TASK DETAILS ::
Your answer should be only the lines below from the one with "thm (TImp (tbigand l) (TCond" to the one with "G a -> derives G a", repeated exactly, ends included.

[RECORDS SUPPLIED Boundary: Start]

Definition tautology (a : tform) : Prop :=
  forall va vc vb, teval va vc vb a = true.

Definition cond_literal (l : tform) : Prop :=
  exists f g, l = TCond f g \/ l = TNeg (TCond f g).

Inductive thm : tform -> Prop :=
| Ax_taut : forall a, tautology a -> thm a
| R_MP : forall a b, thm (TImp a b) -> thm a -> thm b
| Ax_id : forall f, thm (TCond f f)
| Ax_bot : forall f, thm (TImp (TCond f PBot) (TNeg (TProp f)))
| Ax_and : forall f g h,
    thm (TImp (TCond (PAnd g h) f) (TCond g (PImp h f)))
| Ax_eq : forall f g h,
    thm (TImp (TCond (PNeg (PIff f g)) PBot)
              (TIff (TCond f h) (TCond g h)))
| R_RCK : forall (l : list pform) (f g : pform),
    thm (TProp (PImp (pbigand l) f)) ->
    thm (TImp (tbigand (map (fun x => TCond g x) l)) (TCond g f))
| R_S5F : forall (l : list tform) (c : pform),
    Forall cond_literal l ->
    thm (TImp (tbigand l) (TProp c)) ->
    thm (TImp (tbigand l) (TCond (PNeg c) PBot))
| Ax_K : forall a b, thm (TImp (TB (TImp a b)) (TImp (TB a) (TB b)))
| Ax_D : forall a, thm (TImp (TB a) (TNeg (TB (TNeg a))))
| Ax_4 : forall a, thm (TImp (TB a) (TB (TB a)))
| R_Nec : forall a, thm a -> thm (TB a).

(** Derivability from a set of premises (premises closed under MP only). *)
Inductive derives (G : tform -> Prop) : tform -> Prop :=
| D_hyp : forall a, G a -> derives G a
| D_thm : forall a, thm a -> derives G a
| D_MP : forall a b, derives G (TImp a b) -> derives G a -> derives G b.

Definition MCS (G : tform -> Prop) : Prop :=
  ~ derives G TBot /\ forall a, G a \/ G (TNeg a).

Definition cond_equiv (G D : tform -> Prop) : Prop :=
  forall f g, G (TCond f g) <-> D (TCond f g).

Definition likely (G : tform -> Prop) (f : pform) (D : tform -> Prop) : Prop :=
  forall g, G (TCond f g) -> D (TProp g).

Definition state : Type := ((tform -> Prop) * pform * nat)%type.

Definition in_S (G : tform -> Prop) (x : state) : Prop :=
  let '(D, _, i) := x in MCS D /\ cond_equiv G D /\ i < 3.

Definition trset (G : tform -> Prop) (d : pform) (x : state) : Prop :=
  in_S G x /\ let '(D, _, _) := x in D (TProp d).

Definition sgeq (G : tform -> Prop) (x y : state) : Prop :=
  let '(D, f, i) := x in
  let '(Om, _, j) := y in
  (likely G f D /\ Om (TProp f))
  \/ (i = 1 /\ j = 0) \/ (i = 2 /\ j = 1) \/ (i = 0 /\ j = 2).

Definition maxset (G : tform -> Prop) (X : state -> Prop) (x : state) : Prop :=
  X x /\ forall y, X y -> sgeq G y x -> sgeq G x y.

From Stdlib Require Import List Bool Classical Lia.
Import ListNotations.

(** Part (a): from a maximal [(D, f, i)] the cyclic successor [(D, f, i+1 mod 3)]
    lies above it, so by maximality [(D, f, i)] lies above its successor; the
    index clauses of the preorder only go from [i+1] to [i], hence the likelihood
    clause must hold.  Part (b): if [(¬(d → f) ~> ⊥)] is not in [Γ], rule S5_F
    makes the ~>-literals of [Γ] together with [d] and [¬f] consistent; a
    Lindenbaum extension [O] of this set has the same ~>-formulas as [Γ], so
    [(O, f, i+1 mod 3)] is in [[d]_Γ] and above [(D, f, i)].  Maximality then forces
    [f ∈ O], contradicting [¬f ∈ O]. *)

Ltac taut :=
  apply Ax_taut; intros va vc vb; unfold TBot, TTop; cbn;
  repeat match goal with
         | |- context [teval ?x ?y ?z ?w] => destruct (teval x y z w)
         | |- context [peval ?v ?p] => destruct (peval v p)
         end;
  reflexivity.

[RECORDS SUPPLIED Boundary: End]

WRITTEN ANSWER ::
    thm (TImp (tbigand l) (TCond (PNeg c) PBot))
| Ax_K : forall a b, thm (TImp (TB (TImp a b)) (TImp (TB a) (TB b)))
| Ax_D : forall a, thm (TImp (TB a) (TNeg (TB (TNeg a))))
| Ax_4 : forall a, thm (TImp (TB a) (TB (TB a)))
| R_Nec : forall a, thm a -> thm (TB a).

(** Derivability from a set of premises (premises closed under MP only). *)
Inductive derives (G : tform -> Prop) : tform -> Prop :=
| D_hyp : forall a, G a -> derives G a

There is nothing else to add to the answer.